The countries you mention don't have:

Unions
EPA
OSHA
High Corp Taxation

And so on. The playing field isn't anywhere near level.

Could be a coincidence though.
 
The real problem with our economy is this:

boedicca-albums-more-boedicca-s-stuff-picture3446-handouts.jpg
 
And a subset of The Problem:

boedicca-albums-more-boedicca-s-stuff-picture3448-saupload-10-01-03-goods-government-thumb1.png
 
I don’t think it is correct to say a service economy does not produce wealth. When we talk about a service economy, there is lot more to it than selling hamburger and cleaning carpets.
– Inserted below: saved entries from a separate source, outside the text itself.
Definition lmul (w : word) (e : elt) : elt := map (fun t => (t.1, reduce (w ++ t.2))) e.
Definition rmul (e : elt) (w : word) : elt := map (fun t => (t.1, reduce (t.2 ++ w))) e.
Definition scale (c : {poly K}) (e : elt) : elt := map (fun t => (c * t.1, t.2)) e.

Definition rule_ext (R : S -> nat -> elt) (a : letter) : elt :=
  let: (s, i, b) := a in
  if b then R s i
  else scale (-1) (rmul (lmul [:: (s, i, false)] (R s i)) [:: (s, i.+1, false)]).

(* sum_j  w_1...w_{j-1} R(w_j) up(w_{j+1}...w_n), with pre = w_1..w_{j-1}. *)
Fixpoint dword (R : S -> nat -> elt) (pre : word) (w : word) : elt :=
  match w with
  | [::] => [::]
  | a :: w' => rmul (lmul pre (rule_ext R a)) (up w') ++ dword R (rcons pre a) w'
  end.

Definition qder (R : S -> nat -> elt) (rho : word -> word) (e : elt) : elt :=
  flatten [seq scale t.1 (map (fun u => (u.1, rho u.2)) (dword R [::] t.2)) | t <- e].

Definition qderN R rho (n : nat) (e : elt) : elt := iter n (qder R rho) e.

Section Eval.
Variables (F : fieldType) (inK : K -> F) (qF : F) (v : S -> nat -> F).
Definition eval_letter (a : letter) : F :=
  if a.2 then v a.1.1 a.1.2 else (v a.1.1 a.1.2)^-1.
Definition eval_word (w : word) : F := \prod_(a <- w) eval_letter a.
Definition eval (e : elt) : F :=
  \sum_(t <- e) (map_poly inK t.1).[qF] * eval_word t.2.
End Eval.
End QGrammar.
(* Consider the SBBS with $d=2$ balls, error probability $\varepsilon\in(0,1)$ and capacity $c\ge2$, with gap process $(W_t)_{t\ge0}$ on $\mathbb Z_{\ge0}$. Let $\tau=\inf\{t\ge1:W_t=0\}$. Then for every $w\in\mathbb Z_{\ge0}$, $P(\tau<\infty\mid W_0=w)=1$ and $\mathbb E[\tau\mid W_0=w]=\infty$.
   Context: Stochastic box-ball system (SBBS). Fix an error probability $\varepsilon\in[0,1]$ and a capacity $c\in\{1,2,\dots\}\cup\{\infty\}$. A configuration is $\zeta\in\{0,1\}^{\mathbb N}$, $\mathbb N=\{1,2,\dots\}$, with finitely many $1$'s (balls). Given $\zeta$, the stochastic carrier process $\Gamma$ is defined by $\Gamma(0)=0$ and recursively (with fresh independent randomness at each $k$): $\Gamma(k)=\Gamma(k-1)+1$ with probability $1-\varepsilon$ (and $\Gamma(k)=\Gamma(k-1)$ otherwise) if $\zeta(k)=1$ and $\Gamma(k-1)<c$; $\Gamma(k)=\Gamma(k-1)-1$ if $\zeta(k)=0$ and $\Gamma(k-1)\ge1$; $\Gamma(k)=\Gamma(k-1)$ otherwise. The new configuration is $\zeta'(k)=\mathbf 1(\Gamma(k)-\Gamma(k-1)=-1)+\mathbf 1(\Gamma(k)=\Gamma(k-1),\ \zeta(k)=1)$. Iterating independently gives the SBBS trajectory $(\zeta_t)_{t\in\mathbb Z_{\ge0}}$. With $d=2$ balls at positions $\zeta^{(1)}_t<\zeta^{(2)}_t$, the gap process is $W_t=\zeta^{(2)}_t-\zeta^{(1)}_t-1$, a Markov chain on $\mathbb Z_{\ge0}$. *)

From HB Require Import structures.
From mathcomp Require Import all_boot all_order all_algebra.
From mathcomp Require Import all_classical all_reals topology normedtype sequences.
Set Implicit Arguments. Unset Strict Implicit. Unset Printing Implicit Defensive.
Import Order.TTheory GRing.Theory Num.Theory.
Local Open Scope ring_scope.

(* Capacity c in {1,2,...} U {oo}: [Some c] is a finite capacity c,
   [None] is infinite capacity. *)
Definition capacity := option nat.
Definition below_cap (cap : capacity) (g : nat) : bool :=
  if cap is Some c then (g < c)%N else true.
Definition cap_ge2 (cap : capacity) : Prop :=
  if cap is Some c then (2 <= c)%N else True.

(* A configuration zeta in {0,1}^N with finitely many balls is represented by
   the (sorted) list s of positions k >= 1 with zeta(k) = 1. *)
Definition config := seq nat.
Definition zeta (s : config) (k : nat) : bool := k \in s.

(* Carrier process Gamma(k), driven by coin values u k
   (u k = true  <-> the "increase" event of probability 1 - eps at site k). *)
Fixpoint carrier (cap : capacity) (s : config) (u : nat -> bool) (k : nat)
  : nat :=
  match k with
  | 0 => 0
  | k'.+1 =>
      let g := carrier cap s u k' in
      if zeta s k then (if below_cap cap g && u k then g.+1 else g)
      else g.-1
  end.

Definition new_zeta (cap : capacity) (s : config) (u : nat -> bool) (k : nat)
  : bool :=
  let g0 := carrier cap s u k.-1 in
  let g1 := carrier cap s u k in
  (0 < k)%N && ((g1.+1 == g0) || ((g1 == g0) && zeta s k)).

Definition maxpos (s : config) : nat := foldr maxn 0%N s.

(* coins at sites 1..L, given as a boolean list bs (site k uses nth bs (k-1));
   coins at sites > maxpos s are never consulted by the carrier. *)
Definition coins (bs : seq bool) (k : nat) : bool := nth false bs k.-1.

(* New configuration; all balls lie in [1, maxpos s + size s] since the
   carrier holds at most size s balls after the last ball. *)
Definition sbbs_step (cap : capacity) (s : config) (bs : seq bool) : config :=
  [seq k <- iota 1 (maxpos s + size s) | new_zeta cap s (coins bs) k].

Fixpoint all_bseq (n : nat) : seq (seq bool) :=
  if n is n'.+1 then [seq b :: t | b <- [:: true; false], t <- all_bseq n']
  else [:: [::]].

Definition coin_weight {R : realType} (eps : R) (bs : seq bool) : R :=
  \prod_(b <- bs) (if b then 1 - eps else eps).

(* law of one SBBS step from s: finitely supported weighted list *)
Definition step_dist {R : realType} (eps : R) (cap : capacity) (s : config)
  : seq (R * config) :=
  [seq (coin_weight eps bs, sbbs_step cap s bs) | bs <- all_bseq (maxpos s)].

Fixpoint traj_dist {R : realType} (eps : R) (cap : capacity) (n : nat)
  (s : config) : seq (R * seq config) :=
  if n is n'.+1 then
    flatten [seq [seq (x.1 * p.1, s :: p.2) | p <- traj_dist eps cap n' x.2]
            | x <- step_dist eps cap s]
  else [:: (1, [:: s])].

Definition gap (s : config) : nat := (nth 0 s 1 - nth 0 s 0).-1.

Definition gap_at (tr : seq config) (t : nat) : nat := gap (nth [::] tr t).

(* tau = inf {t >= 1 : W_t = 0};  on a trajectory of length n:
   [tau_le n tr] <-> tau <= n,   [tau_min n tr] = min(tau, n). *)
Definition tau_le (n : nat) (tr : seq config) : bool :=
  has (fun t => gap_at tr t == 0%N) (iota 1 n).
Definition tau_min (n : nat) (tr : seq config) : nat :=
  minn (find (fun t => gap_at tr t == 0%N) (iota 1 n)).+1 n.

Definition prob_tau_le {R : realType} (eps : R) (cap : capacity) (s : config)
  (n : nat) : R :=
  \sum_(p <- traj_dist eps cap n s) p.1 * (tau_le n p.2)%:R.
Definition exp_tau_min {R : realType} (eps : R) (cap : capacity) (s : config)
  (n : nat) : R :=
  \sum_(p <- traj_dist eps cap n s) p.1 * (tau_min n p.2)%:R.

Definition init2 (a w : nat) : config := [:: a; (a + w).+1].

(* The two balls stay two balls, so only the gap [W] matters: from [w > 0] it
   moves to [w + 1] or [w - 1] with probability [r = eps (1 - eps)] each, and
   from [0] it jumps to [1] with probability [r].  The survival probabilities
   [g_n w = P(tau > n | W_0 = w)] obey [g_(n+1) = K (1_(>0) g_n)] for the
   transition operator [K] of [W].  They decrease to a bounded fixed point
   that is harmonic on [w > 0] and vanishes at [0], hence is linear, hence is
   zero: [tau] is finite almost surely.  On the other hand [w / (w + n)] is a
   subsolution of the same recursion, so [g_(n+1) w >= r / (n + 1)], and
   [E[min(tau, n)] = sum_(k < n) g_k w] grows like the harmonic series. *)

From HB Require Import structures.
From mathcomp Require Import all_boot all_order all_algebra.
From mathcomp Require Import all_classical all_reals topology normedtype sequences.
From mathcomp Require Import zify ring lra.
Import Order.TTheory GRing.Theory Num.Theory numFieldNormedType.Exports.
Set Implicit Arguments. Unset Strict Implicit. Unset Printing Implicit Defensive.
Producing media, designing and programming computer systems, financial systems, and Internet services are huge industries, generating a lot of wealth. Many companies such as IBM who we think of as a manufacturing company derives most of it’s revenue from services. A country does not have to build widgets to be successful, but whatever it does, it must have a completive advantage and our advantage is not manufacturing.

The countries with largest service economies are also the countries with the most advanced economies and the highest standard of Living.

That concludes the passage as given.